P. C. Chaturvedi Secretary of Labour & Employment Addresses the 100th Session of International Labour Conference on Report of ILO Director General-“Equality at WORK: the Continuing Challenge
“Millions of people suffer from discrimination in the world of work which not only violates a basic human right but has wider social and economic consequences. Discrimination stifles opportunities wasting the human talent needed for economic progress and accentuates social tensions and inequalities. Combating discrimination is an essential part of promoting Decent Work, and success on this front is felt well beyond the workplace.” Shri Prabhat C. Chaturvedi, Secretary, Ministry of Labour and Employment said this while speaking at the 100th session of the International Labour Conference on Friday 10th June, 2011at Geneva.

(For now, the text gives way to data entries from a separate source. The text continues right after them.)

Lemma maximal_ideal_proper_sup J :
  is_ideal_of A J -> subset_of P J -> ~ J 1 -> same_set J P.
Proof.
move=> idJ PJ nJ1 x; split=> [Jx|]; last exact: PJ.
case: maxP => _ _ /(_ J idJ PJ) [JP | AJ]; first exact: JP.
by case: nJ1; apply: AJ; apply: subring1.
Qed.

End MaximalIdeal.

Lemma conductor_ideal (T : comNzRingType) (S A : T -> Prop) :
  is_subring S -> is_subring A -> is_ideal_of A (conductor S A).
Proof.
move=> subS subA; split.
- by move=> x [].
- by split=> [|a _]; rewrite ?mulr0; [apply: subring0 | apply: subring0].
- move=> x y [Ax Sx] [Ay Sy]; split=> [|a Aa]; first exact: subringD.
  by rewrite mulrDr; apply: (subringD subS); [apply: Sx | apply: Sy].
- move=> b x Ab [Ax Sx]; split=> [|a Aa]; first exact: subringM.
  by rewrite mulrA; apply: Sx; apply: (subringM subA).
Qed.

Lemma conductor_sub (T : comNzRingType) (S A : T -> Prop) :
  is_subring A -> subset_of (conductor S A) S.
Proof. by move=> subA x [_ Sx]; rewrite -(mul1r x); apply: Sx; apply: subring1. Qed.

Lemma ideal_sub_maximal (T : comNzRingType) (I : T -> Prop) :
  is_ideal_of (@full_set T) I -> ~ I 1 ->
  exists Q, is_maximal_ideal_of (@full_set T) Q /\ subset_of I Q.
Proof.
move=> idI nI1.
pose proper_sup J := [/\ is_ideal_of (@full_set T) J, subset_of I J & ~ J 1].
(* The empty set is admitted only so that the empty chain has an upper bound. *)
pose candidate J := J = set0 \/ proper_sup J.
have nonempty_candidate J x : candidate J -> J x -> proper_sup J.
  by case=> [-> // | //].
have [Q [candQ Qmax]] : exists Q, candidate Q /\ forall J, Q `<` J -> ~ candidate J.
  apply: Zorn_bigcup => F Fcand Ftot.
  have [[J0 [FJ0 [x0 J0x0]]] | Fempty] := pselect (exists J, F J /\ J !=set0); last first.
    left; apply/seteqP; split=> // x [J FJ Jx].
    by apply: Fempty; exists J; split=> //; exists x.
  have [[_ J00 _ _] IJ0 _] := nonempty_candidate _ _ (Fcand _ FJ0) J0x0.
  right; split.
  - split=> //.
    + by exists J0.
    + move=> x y [J FJ Jx] [J' FJ' J'y].
      have [[_ _ JD _] _ _] := nonempty_candidate _ _ (Fcand _ FJ) Jx.
      have [[_ _ J'D _] _ _] := nonempty_candidate _ _ (Fcand _ FJ') J'y.
      case: (Ftot _ _ FJ FJ') => [JJ' | J'J].
      * by exists J' => //; apply: J'D => //; apply: JJ'.
      * by exists J => //; apply: JD => //; apply: J'J.
    + move=> a x _ [J FJ Jx]; exists J => //.
      by have [[_ _ _ JM] _ _] := nonempty_candidate _ _ (Fcand _ FJ) Jx; apply: JM.
  - by move=> x Ix; exists J0 => //; apply: IJ0.
  - by move=> [J FJ J1]; have [_ _] := nonempty_candidate _ _ (Fcand _ FJ) J1.
have supI : proper_sup I by split.
have [Q0 | [idQ IQ nQ1]] := candQ.
  case: (Qmax I); last by right.
  by rewrite Q0; split=> [// | I_sub0]; apply: (I_sub0 0 (ideal0 idI)).
exists Q; split=> //; split=> //; first by exists 1.
move=> J idJ QJ; have [J1 | nJ1] := pselect (J 1).
  by right=> x _; rewrite -(mulr1 x); case: idJ => _ _ _; apply.
have [JQ | nJQ] := pselect (subset_of J Q); [by left | exfalso].
apply: (Qmax J); last by right; split=> // x Ix; apply/QJ/IQ.
by split=> // JQ; apply: nJQ => x Jx; apply: JQ.
Qed.

Definition extended_ideal (T : comNzRingType) (P : T -> Prop) : T -> Prop :=
  fun x => exists k (p y : nat -> T), (forall j, P (p j)) /\ x = \sum_(j < k) p j * y j.

Lemma extended_ideal_ideal (T : comNzRingType) (P : T -> Prop) :
  P 0 -> is_ideal_of (@full_set T) (extended_ideal P).
Proof.
move=> P0; split=> //.
- by exists 0%N, (fun=> 0), (fun=> 0); split=> //; rewrite big_ord0.
- move=> _ _ [k [p [y [Pp ->]]]] [k' [p' [y' [Pp' ->]]]].
  pose glue (f f' : nat -> T) j := if (j < k)%N then f j else f' (j - k)%N.
  exists (k + k')%N, (glue p p'), (glue y y'); split=> [j|].
    by rewrite /glue; case: ifP.
  rewrite big_split_ord /glue; congr (_ + _); apply: eq_bigr => i _ /=.
    by rewrite ltn_ord.
  by rewrite ltnNge leq_addr addKn.
- move=> b _ _ [k [p [y [Pp ->]]]]; exists k, p, (fun j => b * y j); split=> //.
  by rewrite mulr_sumr; apply: eq_bigr => j _; rewrite mulrCA.
Qed.

Lemma sub_extended_ideal (T : comNzRingType) (P : T -> Prop) :
  subset_of P (extended_ideal P).
Proof.
by move=> x Px; exists 1%N, (fun=> x), (fun=> 1); split=> //; rewrite big_ord1 mulr1.
Qed.

Section LyingOver.
Variables (T : comNzRingType) (R P : T -> Prop).
Hypotheses (subR : is_subring R) (intR : forall t, integral_over R t).
Hypothesis maxP : is_maximal_ideal_of R P.

(* Homogenizing a monic relation [f t = 0] of degree [n] gives a polynomial [F]
   with [F (a t) = a^n f t = 0] and [F s = s^n + a c]. *)
Lemma integral_homogenized_dvd a s t : R a -> R s ->
  exists n c w, R c /\ s ^+ n + a * c = (s - a * t) * w.
Proof.
move=> Ra Rs; have [f [fmon Rf froot]] := intR t.
set n := (size f).-1.
have szf : size f = n.+1 by rewrite /n prednK // lt0n size_poly_eq0 monic_neq0.
have fn : f`_n = 1 by move/monicP: fmon; rewrite /lead_coef szf.
pose F := \poly_(i < n.+1) (f`_i * a ^+ (n - i)).
have F_at : root F (a * t).
  apply/rootP; transitivity (a ^+ n * f.[t]); last by rewrite (rootP froot) mulr0.
  rewrite horner_poly horner_coef szf mulr_sumr; apply: eq_bigr => i _.
  have -> : a ^+ n = a ^+ (n - i) * a ^+ i by rewrite -exprD subnK // leq_ord.
  by rewrite exprMn; ring.
have [q Fq] := factor_theorem _ _ F_at.
exists n, (\sum_(i < n) f`_i * a ^+ (n - i.+1) * s ^+ i), q.[s]; split.
  apply: (subring_sum subR) => i; apply: (subringM subR); last exact: subringX.
  by apply: (subringM subR) => //; apply: subringX.
have : F.[s] = q.[s] * (s - a * t) by rewrite Fq hornerM hornerD hornerN hornerX hornerC.
rewrite mulrC => <-; rewrite horner_poly big_ord_recr /= fn subnn expr0 !mul1r addrC.
congr (_ + _); rewrite mulr_sumr; apply: eq_bigr => i _.
by rewrite -(subnSK (ltn_ord i)) exprS; ring.
Qed.

Lemma extended_ideal_contraction s : R s -> ~ P s -> ~ extended_ideal P s.
Proof.
(* Induction on the number of terms: if [s = z + p_k y_k], then [z] divides some
   [s^n + p_k c], which is again in [R] but not in [P]. *)
move=> Rs nPs [k [p [y [Pp]]]]; elim: k s y Rs nPs => [|k IHk] s y Rs nPs.
  by rewrite big_ord0 => s0; apply: nPs; rewrite s0; case: maxP => [[]].
rewrite big_ord_recr /=; set z := \sum_(i < k) _ => sE.
have Pideal : is_ideal_of R P by case: maxP.
have Rpk := ideal_sub Pideal (Pp k).
have [n [c [w [Rc snE]]]] := integral_homogenized_dvd (y k) Rpk Rs.
have Rsn : R (s ^+ n + p k * c) by apply: (subringD subR); [apply: subringX | apply: subringM].
apply: (IHk _ (fun j => y j * w) Rsn).
  move=> Psn; apply: (maximal_ideal_expr subR maxP (n := n) Rs nPs).
  rewrite -(addrK (p k * c) (s ^+ n)); apply: (idealB subR Pideal Psn).
  by rewrite mulrC; apply: (idealMl Pideal Rc (Pp k)).
by rewrite snE sE addrK mulr_suml; apply: eq_bigr => j _; rewrite mulrA.
Qed.

Lemma lying_over_maximal :
  exists Q, is_maximal_ideal_of (@full_set T) Q /\ subset_of P Q.
Proof.
have P0 : P 0 by case: maxP => [[]].
have [Q [maxQ PQ]] := ideal_sub_maximal (extended_ideal_ideal P0)
  (extended_ideal_contraction (subring1 subR) (maximal_ideal_not1 maxP)).
by exists Q; split=> // x Px; apply/PQ/sub_extended_ideal.
Qed.

End LyingOver.

(* [Poly (rev p)] is the reciprocal polynomial of [p]. *)
Lemma horner_rev_mul (T : comNzRingType) (p : {poly T}) u :
  u * (Poly (rev p)).[u] = \sum_(i < size p) p`_i * u ^+ (size p - i).
Proof.
rewrite (@horner_coef_wide _ (size p)); last by rewrite -(size_rev p) size_Poly.
rewrite mulr_sumr (reindex_inj rev_ord_inj) /=; apply: eq_bigr => i _.
rewrite coef_Poly nth_rev ?rev_ord_proof // subnSK // subKn 1?ltnW //.
by rewrite -(subnSK (ltn_ord i)) exprS; ring.
Qed.

Lemma ideal_horner_rev (T : comNzRingType) (Q : T -> Prop) (p : {poly T}) x u :
  is_ideal_of (@full_set T) Q -> Q (x * u - 1) ->
  Q (p.[x] * u ^+ size p - u * (Poly (rev p)).[u]).
Proof.
move=> idQ Qxu; rewrite horner_rev_mul horner_coef mulr_suml -sumrB.
apply: (ideal_sum idQ) => i.
have -> : u ^+ size p = u ^+ i * u ^+ (size p - i) by rewrite -exprD subnKC // ltnW.
have -> : p`_i * x ^+ i * (u ^+ i * u ^+ (size p - i)) - p`_i * u ^+ (size p - i)
          = p`_i * u ^+ (size p - i) * ((x * u) ^+ i - 1) by rewrite exprMn; ring.
by apply: (idealMl idQ) => //; apply: (ideal_expr_sub1 idQ).
Qed.

Section MaximalSubring.
Variables (T : comNzRingType) (V : T -> Prop).
Hypotheses (maxV : is_maximal_subring_of (@full_set T) V).

Let subV : is_subring V. Proof. by case: maxV. Qed.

Shri Chaturvedi stated that discrimination on various grounds can be exacerbated in times of economic uncertainty. Whatever has been the social impact of the financial crisis, post-crisis recovery strategies and measures must not ignore the principles of non-discrimination and equality.
Shri Chaturvedi further stated that Government of India has ratified the Conventions on Equal Remuneration (C-100) and Discrimination (Employment and Occupation) C-111. To ensure the enforcement of ILO Convention No. 100 concerning Equal Remuneration to men and women for work of equal value, the Equal Remuneration Act, 1976 was enacted. The Constitution of India guarantees Civil Liberties which include individual rights common to most liberal democracies. Article 15 of the Constitution of India prohibits discrimination on grounds of religion, race, caste s*x or place of birth and Article 16 states that there shall be Equality of Opportunity for all citizens in matters relating to employment or appointment to any office under the state.
He further added that the Right against Exploitation is also a fundamental right in our Constitution aimed to prevent exploitation of weaker sections of society. The Bonded Labour Abolition Act, 1976 has been enacted by Parliament to bring an end to this practice. The prevention of s*xual harassment of women at the workplace also has the force of law under Article 141 of the Constitution of India. The practice of untouchability has been declared an offence punishable by law in India and Protection of Civil Rights Act, 1955 has been enacted by Parliament of India.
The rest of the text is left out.